Serine/threonine kinase AKT is frequently activated in human bile duct cancer and is associated with increased radioresistance

The prognosis for patients with bile duct cancer (BDC) remains poor. Although BDC cells are essentially radioresistant, recent reports have suggested that radiation therapy, in addition to its palliative role in the management of BDC, may improve patient survival. A better understanding of the mechanisms that lead to cellular radioresistance may assist in the development of more effective BDC therapies based on radiotherapy in combination with radiosensitizing agents. The serine/threonine kinase AKT/protein kinase B, a downstream effector of phosphatidylinositol 3'-kinase, is a well-characterized kinase that is known to play a critical role in antiapoptotic signaling pathways. In this investigation, we sought to clarify the role of AKT signaling in the radioresistance in BDC cells. First, to examine whether activated AKT is expressed in BDCs, tumor specimens were obtained from 19 consecutive BDC cases. Immunohistochemical staining using an anti-phosphorylated-AKT antibody showed that phosphorylated (activated) AKT was expressed in cancer cells but not in neighboring normal mucosa in 16 cases (84.2%).
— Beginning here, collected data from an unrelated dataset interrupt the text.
(* Let $w$ be a permutation with $\textsf{supp}(w)=X\sqcup Y$ such that either (1) every $x\in X$ commutes with every $y\in Y$ (i.e. $|x-y|\ne1$), in which case let $s$ be any reduced word of $w$; or (2) there is exactly one pair $(x_0,y_0)\in X\times Y$ of noncommuting letters (i.e. with $|x_0-y_0|=1$), and there is a reduced word $s$ of $w$ in which all occurrences of $x_0$ are to the left of all occurrences of $y_0$. Then the subwords $s_X$ and $s_Y$ of $s$ consisting of all letters from $X$, respectively $Y$, are reduced words, and $B(w)\cong B([s_X])\times B([s_Y])$ as posets.
   Context: $\sigma_i=(i,i+1)$; reduced words are sequences of subscripts of reduced expressions, and $[t]$ denotes the permutation represented by a word $t$. $\textsf{supp}(w)$ is the set of letters appearing in reduced words of $w$. $B(u)$ is the principal order ideal of $u$ in the Bruhat order. *)

(* Symmetric group S_{n+1} = {perm 'I_n.+1}, generators
   sigma_i = (i, i+1) for i < n. *)
From Stdlib Require Import Relations.
From mathcomp Require Import all_boot all_fingroup.

Local Open Scope group_scope.

Definition sigma (n i : nat) : {perm 'I_n.+1} :=
  tperm (inord i : 'I_n.+1) (inord i.+1).

Definition word_perm (n : nat) (t : seq nat) : {perm 'I_n.+1} :=
  \prod_(i <- t) sigma n i.

(* Coxeter length = number of inversions *)
Definition perm_length (n : nat) (w : {perm 'I_n.+1}) : nat :=
  #|[set ij : 'I_n.+1 * 'I_n.+1 | (ij.1 < ij.2)%N && (w ij.2 < w ij.1)%N]|.

Definition valid_word (n : nat) (t : seq nat) : bool := all (fun i => i < n) t.

Definition reduced (n : nat) (t : seq nat) : Prop :=
  valid_word n t /\ size t = perm_length n (word_perm n t).

Definition reduced_word_of (n : nat) (t : seq nat) (w : {perm 'I_n.+1}) : Prop :=
  reduced n t /\ word_perm n t = w.

Definition supp (n : nat) (w : {perm 'I_n.+1}) (i : nat) : Prop :=
  exists t, reduced_word_of n t w /\ i \in t.

Definition bruhat_step (n : nat) (u v : {perm 'I_n.+1}) : Prop :=
  exists i j : 'I_n.+1, i != j /\ v = u * tperm i j /\ perm_length n u < perm_length n v.

Definition bruhat_le (n : nat) : relation {perm 'I_n.+1} :=
  clos_refl_trans _ (bruhat_step n).

Definition Bideal (n : nat) (u : {perm 'I_n.+1}) : Type :=
  {x : {perm 'I_n.+1} | bruhat_le n x u}.

Definition poset_iso_prod (n : nat) (w a b : {perm 'I_n.+1}) : Prop :=
  exists f : Bideal n w -> (Bideal n a * Bideal n b)%type,
    bijective f /\
    forall x y : Bideal n w,
      bruhat_le n (sval x) (sval y) <->
      (bruhat_le n (sval (f x).1) (sval (f y).1) /\
       bruhat_le n (sval (f x).2) (sval (f y).2)).

Definition commuting (x y : nat) : Prop := x.+1 <> y /\ y.+1 <> x.

(* Commutation lets every letter of Y be moved to the right of every letter of X, so
   [s] = [s_X] [s_Y]; as length is subadditive and |s_X| + |s_Y| = l(w), both subwords
   are reduced.  Words over the disjoint alphabets X and Y generate subgroups W_X and W_Y
   with trivial intersection, so a factorisation x = a b with a in W_X and b in W_Y is
   unique.  By the subword property, the elements below a b are exactly the products of
   subwords of reduced words of a and of b, and comparing two such products amounts to
   comparing their factors.  Hence (a, b) |-> a b is a poset isomorphism
   B([s_X]) x B([s_Y]) -> B(w). *)

From mathcomp Require Import all_boot all_fingroup zify.
From Stdlib Require Import Relations ProofIrrelevance IndefiniteDescription.

Set Implicit Arguments.
Unset Strict Implicit.
Unset Printing Implicit Defensive.

Local Open Scope group_scope.

Lemma all_subseq (T : eqType) (P : pred T) (s1 s2 : seq T) :
  subseq s1 s2 -> all P s2 -> all P s1.
Proof. by move=> s12 /allP P2; apply/allP => x /(mem_subseq s12); apply: P2. Qed.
Next, to evaluate the role of AKT activation in the regulation of BDC cell radiosensitivity, clonogenic assays were performed using the phosphatidylinositol 3'-kinase inhibitor LY294002 with and without irradiation. LY294002 inhibited AKT activation in BDC cells and, on irradiation, decreased clonogenic survival in a radiation dose-dependent manner. Only a small decrease in cell viability was observed in cells exposed to LY294002. Expression of constitutively active AKT in BDC cells resulted in decreased radiosensitivity, whereas a dominant-negative AKT increased radiosensitivity. Furthermore, constitutively active AKT also inhibited radiation-induced apoptosis. Collectively, these results indicate that activated AKT in BDC cells is associated with radioresistance and suggest that pharmacological or genetic modulation of AKT activity may have important therapeutic implications in BDC patients treated with radiation.